Harnas.id, PROBOLINGGO – Gubernur Jawa Timur Khofifah Indar Parawansa resmi memulai pembangunan Jalur Lingkar Kaldera Tengger (JLKT) di kawasan Taman Nasional Bromo Tengger Semeru, Senin (13/4). Langkah ini menjadi bagian dari upaya penataan ulang kawasan wisata Bromo agar lebih tertib dan berkelanjutan.
Groundbreaking dilakukan di wilayah Probolinggo dengan melibatkan lintas pihak, mulai dari pemerintah daerah hingga otoritas konservasi. Hadir dalam kegiatan tersebut Dirjen KSDAE Kementerian Kehutanan Satyawan Pudyatmoko serta Kepala Balai Besar TNBTS dan kepala daerah sekitar.
Khofifah menilai JLKT akan menjadi simpul penting dalam mengurai kepadatan wisatawan di kawasan Bromo. Jalur ini dirancang sebagai penghubung antar titik di sekitar kaldera, sehingga distribusi pengunjung tidak lagi terpusat di satu lokasi.
Menurutnya, pendekatan ini sekaligus mengurangi tekanan terhadap lingkungan. Selain itu, dampak ekonomi diharapkan bisa lebih merata dirasakan masyarakat di wilayah penyangga.
“Kita bersyukur JLKT ini ketemu dengan programnya TNBTS dan Kementerian Kehutanan. Lalu kita harmonisasikan dengan apa yang menjadi kekuatan adat pada Suku Tengger ini, ketemulah rute-rutenya,” ujar Khofifah.
Ia menegaskan, pembangunan JLKT tidak hanya berbasis infrastruktur, tetapi juga mempertimbangkan aspek adat dan budaya masyarakat Tengger. Hal ini dinilai penting untuk menjaga keseimbangan antara konservasi dan pemanfaatan kawasan.
“Bagaimana JLKT ini bisa menjadi bagian dari penguatan daya dukung alam, daya dukung lingkungan itu tetap terjaga. Di sini ada adat, budaya yang menjadi bagian dari penyangga pelestarian,” lanjutnya.
Secara teknis, jalur yang dibangun memiliki panjang sekitar 13 kilometer dengan lebar 18 meter. Fasilitas pendukung juga disiapkan, mulai dari tiga rest area, empat kantong parkir, hingga ribuan patok pembatas jalur.

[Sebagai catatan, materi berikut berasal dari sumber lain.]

(* For $\alpha=(\alpha_0,\alpha_1,\alpha_2)\in\mathbb N^3$ and $a,b>0$ with $a\ne b$, $$\mathfrak H_\alpha(a,b)=(-1)^{|\alpha|+1}[1^{\alpha_0+1},a^{\alpha_1+1},b^{\alpha_2+1}]\log=(-1)^{|\alpha|+1}[1^{\alpha_0},a^{\alpha_1+1},b^{\alpha_2+1}]\mathcal L_0=\frac{(-1)^{|\alpha|+\alpha_0+1}}{\alpha_1!\,\alpha_2!}\,\partial_a^{\alpha_1}\partial_b^{\alpha_2}\frac{\mathcal L_{\alpha_0}(b)-\mathcal L_{\alpha_0}(a)}{b-a}.$$ In particular $\mathfrak H_{(r,0,0)}(a,b)=-\frac{\mathcal L_r(b)-\mathcal L_r(a)}{b-a}$ for $r\in\mathbb N$.
   Context: $\mathfrak H_\alpha(a,b):=\int_0^\infty x^{|\alpha|+1}(1+x)^{-\alpha_0-1}(1+ax)^{-\alpha_1-1}(1+bx)^{-\alpha_2-1}\,dx$ for $a,b>0$, $|\alpha|=\alpha_0+\alpha_1+\alpha_2$. $\mathcal L_0(s)=\frac{\log s}{s-1}$ and for $r\in\mathbb N$, $\mathcal L_r(s):=(-1)^r[1^{r+1},s]\log$ (the ''modified logarithm''). Divided differences: for $f$ smooth on an open interval, $[y_0]f=f(y_0)$, $[y_0,\dots,y_n]f=\int_{\{t\ge0,\sum t_j=1\}}f^{(n)}(\sum t_jy_j)\,dt_1\cdots dt_n$, defined also for repeated arguments; $[1^k,a^l,b^q]f$ denotes the divided difference with $k$ arguments $1$, $l$ arguments $a$, $q$ arguments $b$. *)

From Stdlib Require Import Reals Lra List Classical ClassicalEpsilon.
Import ListNotations.
Open Scope R_scope.

(* Total Riemann integral on [a,b]: the Riemann integral when f is Riemann
   integrable on [a,b], and 0 otherwise (never used in that case below). *)
Definition Rint (f : R -> R) (a b : R) : R :=
  match excluded_middle_informative (inhabited (Riemann_integrable f a b)) with
  | left h => RiemannInt (epsilon h (fun _ => True))
  | right _ => 0
  end.

Definition improper_int0 (f : R -> R) (L : R) : Prop :=
  (forall T, 0 <= T -> inhabited (Riemann_integrable f 0 T)) /\
  (forall eps, eps > 0 -> exists M, forall T, T >= M ->
      Rabs (Rint f 0 T - L) < eps).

Menariknya, jalur ini tidak akan diaspal untuk menjaga karakter alami kawasan. Selain itu, disiapkan pula 60 sumur resapan sebagai bagian dari upaya menjaga keseimbangan lingkungan.
“Kita tidak melakukan pengaspalan karena kita menjaga daya dukung alam dan lingkungan. Tapi kebutuhan wisatawan tetap kita siapkan, termasuk rest area dan rest room,” jelasnya.
Khofifah menambahkan, fasilitas tersebut juga dilengkapi sumber air untuk menunjang kebutuhan dasar wisatawan. Hal ini dinilai penting agar pengalaman berkunjung tetap nyaman tanpa mengorbankan ekosistem.
Tak hanya groundbreaking jalur, dalam kesempatan yang sama Khofifah juga meresmikan sarana air bersih di kawasan Bromo. Infrastruktur ini disiapkan untuk mendukung operasional rest area di Watu Gede dan Cemoro Lawang.
Tangki air berkapasitas 12.000 liter disiapkan untuk memenuhi kebutuhan harian sekitar 11.000 liter. Pasokan air berasal dari sumber mata air Pusung Jantur dan Widodaren.
Menurut Khofifah, pembangunan JLKT dan penyediaan air bersih merupakan bagian dari visi besar pariwisata berkelanjutan di Jawa Timur. Tiga pilar utama yang ditekankan adalah pelestarian lingkungan, penguatan budaya lokal, dan pemberdayaan ekonomi masyarakat.
“Kita ingin membangun Bromo dengan cara yang benar. Alamnya harus lestari, budayanya harus kuat, dan masyarakatnya harus sejahtera,” tegasnya.
Ia juga mengingatkan bahwa kawasan Bromo bukan sekadar destinasi wisata, tetapi ruang hidup bersama yang mencakup kepentingan konservasi, adat, hingga ekonomi warga. Karena itu, pembangunan harus dilakukan secara disiplin dan akuntabel.
Di akhir sambutannya, Khofifah secara resmi memulai pembangunan JLKT. “Dengan memohon ridha Allah SWT, Groundbreaking Penataan Jalur Lingkar Kaldera Tengger secara resmi saya nyatakan dimulai,” pungkasnya.
Sementara itu, Satyawan Pudyatmoko menekankan bahwa JLKT dirancang untuk menjaga harmoni antara pengembangan wisata dan nilai budaya. Ia menyebut jalur ini juga terintegrasi dengan penguatan UMKM dan titik-titik wisata.
“JLKT ini bagaimana kita membangun harmoni dengan kekuatan adat dan budaya, menyiapkan titik kekuatan spiritual Suku Tengger supaya tetap terjaga,” ujarnya.
Ia menambahkan, desain kawasan telah disiapkan secara terintegrasi. Mulai dari jalur wisata, rest area, hingga dukungan ekonomi lokal diharapkan berjalan beriringan.